Received 14 March 2014; Accepted 5 May 2014; Published 22 May 2014

Academic Editor: Fenghua Wen

Copyright © 2014 Wenjie Bi et al. This is an open access article distributed under the Creative Commons Attribution License, which permits unrestricted use, distribution, and reproduction in any medium, provided the original work is properly cited.
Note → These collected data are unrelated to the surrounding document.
(* Let $R$ be a commutative Noetherian ring with unity such that $\Gamma_E(R)$ has at least three vertices. If a vertex $[y]$ of $\Gamma_E(R)$ is adjacent to a leaf, then $\operatorname{ann}(y)$ is a maximal element of $\mathfrak F=\{\operatorname{ann}(z)\mid 0\neq z\in R\}$ and is an associated prime of $R$.
   Context: For $x,y\in R$ write $x\sim y$ iff $\operatorname{ann}(x)=\operatorname{ann}(y)$; $[x]$ denotes the equivalence class of $x$. Let $Z^*(R)$ be the set of nonzero zero divisors of $R$. The graph $\Gamma_E(R)$ is the simple graph whose vertices are the classes $[x]$ with $x\in Z^*(R)$, two distinct vertices $[x],[y]$ being adjacent iff $xy=0$. A leaf is a vertex of degree $1$. An associated prime of $R$ is a prime ideal of the form $\operatorname{ann}(y)$, $y\in R$. *)

From mathcomp Require Import all_boot all_algebra.
Set Implicit Arguments. Unset Strict Implicit. Unset Printing Implicit Defensive.
Import GRing.Theory.
Local Open Scope ring_scope.

Section Defs.
Variable R : comNzRingType.

Definition is_ideal (I : R -> Prop) : Prop :=
  I 0 /\ (forall a b, I a -> I b -> I (a + b)) /\ (forall r a, I a -> I (r * a)).

Definition noetherian : Prop :=
  forall I : nat -> R -> Prop,
    (forall n, is_ideal (I n)) ->
    (forall n x, I n x -> I n.+1 x) ->
    exists N, forall n, (N <= n)%N -> forall x, I n x <-> I N x.

Definition ann (x : R) : R -> Prop := fun r => r * x = 0.

Definition same_ann (x y : R) : Prop := forall r, ann x r <-> ann y r.

Definition nz_zero_divisor (x : R) : Prop := x <> 0 /\ exists y, y <> 0 /\ x * y = 0.

(* Adjacency of the (distinct) vertices [x], [y] of Gamma_E(R). *)
Definition adjE (x y : R) : Prop :=
  nz_zero_divisor x /\ nz_zero_divisor y /\ ~ same_ann x y /\ x * y = 0.

Definition atleast3_vertices : Prop :=
  exists x1 x2 x3, nz_zero_divisor x1 /\ nz_zero_divisor x2 /\ nz_zero_divisor x3 /\
    ~ same_ann x1 x2 /\ ~ same_ann x1 x3 /\ ~ same_ann x2 x3.

Definition leafE (x : R) : Prop :=
  nz_zero_divisor x /\
  exists w, adjE x w /\ forall w', adjE x w' -> same_ann w' w.

Definition subpred (P Q : R -> Prop) : Prop := forall r, P r -> Q r.

Definition maximal_in_annF (P : R -> Prop) : Prop :=
  (exists z, z <> 0 /\ forall r, P r <-> ann z r) /\
  forall z, z <> 0 -> subpred P (ann z) -> subpred (ann z) P.

Definition prime_ideal (P : R -> Prop) : Prop :=
  is_ideal P /\ ~ P 1 /\ forall a b, P (a * b) -> P a \/ P b.

Definition associated_prime (P : R -> Prop) : Prop :=
  prime_ideal P /\ exists w, forall r, P r <-> ann w r.

End Defs.

(* Let [x] be a leaf whose only neighbour is [y].  Every nonzero w with
   wx = 0 is a zero divisor, hence is equivalent to x or to y.  If
   ann(y) were contained in ann(x), then x^2 = 0 and every nonzero zero
   divisor v would kill some nonzero w with wx = 0 (take w = u or w = ux,
   where vu = 0), so v would lie in ann(x) and be equivalent to x or y:
   the graph would have only two vertices.  Hence for z <> 0 with
   ann(y) <= ann(z), the element z (which kills x) must be equivalent to y,
   i.e. ann(y) is maximal among annihilators of nonzero elements, and a
   maximal annihilator is prime. *)
From Pilot Require Import Defs.
From mathcomp Require Import all_boot all_algebra.
From Stdlib Require Import Classical.
Set Implicit Arguments. Unset Strict Implicit. Unset Printing Implicit Defensive.
Local Open Scope ring_scope.
Import GRing.Theory.

Section Annihilators.
Variable R : comNzRingType.

Lemma same_ann_sym (a b : R) : same_ann a b -> same_ann b a.
Proof. by move=> eab r; rewrite (eab r). Qed.

Lemma same_ann_trans (a b c : R) : same_ann a b -> same_ann b c -> same_ann a c.
Proof. by move=> eab ebc r; rewrite (eab r) (ebc r). Qed.

Lemma ann_ideal (y : R) : is_ideal (ann y).
Proof.
split; first by rewrite /ann mul0r.
split; first by move=> a b; rewrite /ann mulrDl => -> ->; rewrite addr0.
by move=> r a; rewrite /ann -mulrA => ->; rewrite mulr0.
Qed.

Lemma nz_zero_divisorP (w x : R) : w <> 0 -> x <> 0 -> w * x = 0 ->
  nz_zero_divisor w.
Proof. by move=> nzw nzx wx; split=> //; exists x. Qed.

Lemma two_classes_not_atleast3 (a b : R) :
  (forall v, nz_zero_divisor v -> same_ann v a \/ same_ann v b) ->
  ~ atleast3_vertices R.
Proof.
move=> classes [x1 [x2 [x3 [n1 [n2 [n3 [d12 [d13 d23]]]]]]]].
have same : forall u v c : R, same_ann u c -> same_ann v c -> same_ann u v.
  by move=> u v c euc evc; apply: same_ann_trans euc (same_ann_sym evc).
by case: (classes x1 n1) (classes x2 n2) (classes x3 n3) => [e1|e1] [e2|e2] [e3|e3];
  solve [exact: d12 (same _ _ _ e1 e2) | exact: d13 (same _ _ _ e1 e3)
         | exact: d23 (same _ _ _ e2 e3)].
Qed.

Lemma maximal_ann_prime (y : R) : y <> 0 ->
  (forall z : R, z <> 0 ->
     Defs.subpred (ann y) (ann z) -> Defs.subpred (ann z) (ann y)) ->
  prime_ideal (ann y).
Proof.
move=> nzy maxy; split; first exact: ann_ideal.
split; first by rewrite /ann mul1r.
move=> a b; rewrite /ann => aby.
have [ay|nzay] := eqVneq (a * y) 0; [by left | right].
have sub_ay : Defs.subpred (ann y) (ann (a * y)).
  by move=> r; rewrite /ann => ry; rewrite mulrA mulrAC ry mul0r.
by apply: (maxy _ (elimN eqP nzay) sub_ay); rewrite /ann mulrA [b * a]mulrC.
Qed.

End Annihilators.

Section LeafNeighbour.
Variables (R : comNzRingType) (x y : R).
Hypotheses (leaf_x : leafE x) (adj_xy : adjE x y).

Lemma leaf_nonzero : x <> 0.
Proof. by case: leaf_x => [[]]. Qed.

Lemma neighbour_nonzero : y <> 0.
Proof. by case: adj_xy => _ [[]]. Qed.

Lemma leaf_in_ann_neighbour : ann y x.
Proof. by case: adj_xy => _ [_ [_ xy]]. Qed.

Lemma ann_leaf_classes (w : R) : w <> 0 -> w * x = 0 ->
  same_ann w x \/ same_ann w y.
Proof.
move=> nzw wx; case: leaf_x => nzx [w0 [_ unique_w0]].
have [exw|nexw] := classic (same_ann x w); first by left; apply: same_ann_sym.
right; have adj_xw : adjE x w.
  split=> //; split; first exact: nz_zero_divisorP leaf_nonzero wx.
  by split=> //; rewrite mulrC.
exact: same_ann_trans (unique_w0 w adj_xw) (same_ann_sym (unique_w0 y adj_xy)).
Qed.

Lemma ann_neighbour_not_sub_leaf :
  atleast3_vertices R -> ~ Defs.subpred (ann y) (ann x).
Proof.
move=> three sub; apply: (@two_classes_not_atleast3 _ x y) three.
have xx : x * x = 0 by apply: sub; exact: leaf_in_ann_neighbour.
move=> v [nzv [u [nzu vu]]]; apply: ann_leaf_classes => //.
have [w [nzw wx vw]] : exists w, [/\ w <> 0, w * x = 0 & v * w = 0].
  have [ux|nzux] := eqVneq (u * x) 0; first by exists u.
  exists (u * x); split; first exact/eqP.
    by rewrite -mulrA xx mulr0.
  by rewrite mulrA vu mul0r.
have [ewx|ewy] := ann_leaf_classes nzw wx; first exact/(ewx v).
by apply: sub; apply/(ewy v).
Qed.

Lemma ann_neighbour_maximal : atleast3_vertices R ->
  forall z, z <> 0 -> Defs.subpred (ann y) (ann z) -> Defs.subpred (ann z) (ann y).
Proof.
move=> three z nzz sub.
have zx : z * x = 0 by rewrite mulrC; apply: sub; exact: leaf_in_ann_neighbour.
have [ezx|ezy] := ann_leaf_classes nzz zx; last by move=> r /(ezy r).
by case: (ann_neighbour_not_sub_leaf three) => r /sub /(ezx r).
Qed.

End LeafNeighbour.

Theorem corollary3p3 (R : comNzRingType) :
  noetherian R -> atleast3_vertices R ->
  forall x y : R, leafE x -> adjE x y ->
    maximal_in_annF (ann y) /\ associated_prime (ann y).
Proof.
move=> _ three x y leaf_x adj_xy.
have nzy := neighbour_nonzero adj_xy.
have maxy := ann_neighbour_maximal leaf_x adj_xy three.
split; first by split=> //; exists y.
by split; [exact: maximal_ann_prime | exists y].
Qed.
Dynamic portfolio choice is an important problem in finance, but the optimal strategy analysis is difficult when considering multiple stochastic volatility variables such as the stock price, interest rate, and income. Besides, recent research in experimental economics indicates that the agent shows limited attention, considering only the variables with high fluctuations but ignoring those with small ones. By extending the sparse max method, we propose an approach to solve dynamic programming problem with small stochastic volatility and the agent’s bounded rationality. This approach considers the agent’s behavioral factors and avoids effectively the “Curse of Dimensionality” in a dynamic programming problem with more than a few state variables. We then apply it to Merton dynamic portfolio choice model with stochastic volatility and get a tractable solution. Finally, the numerical analysis shows that the bounded rational agent may pay no attention to the varying equity premium and interest rate with small variance.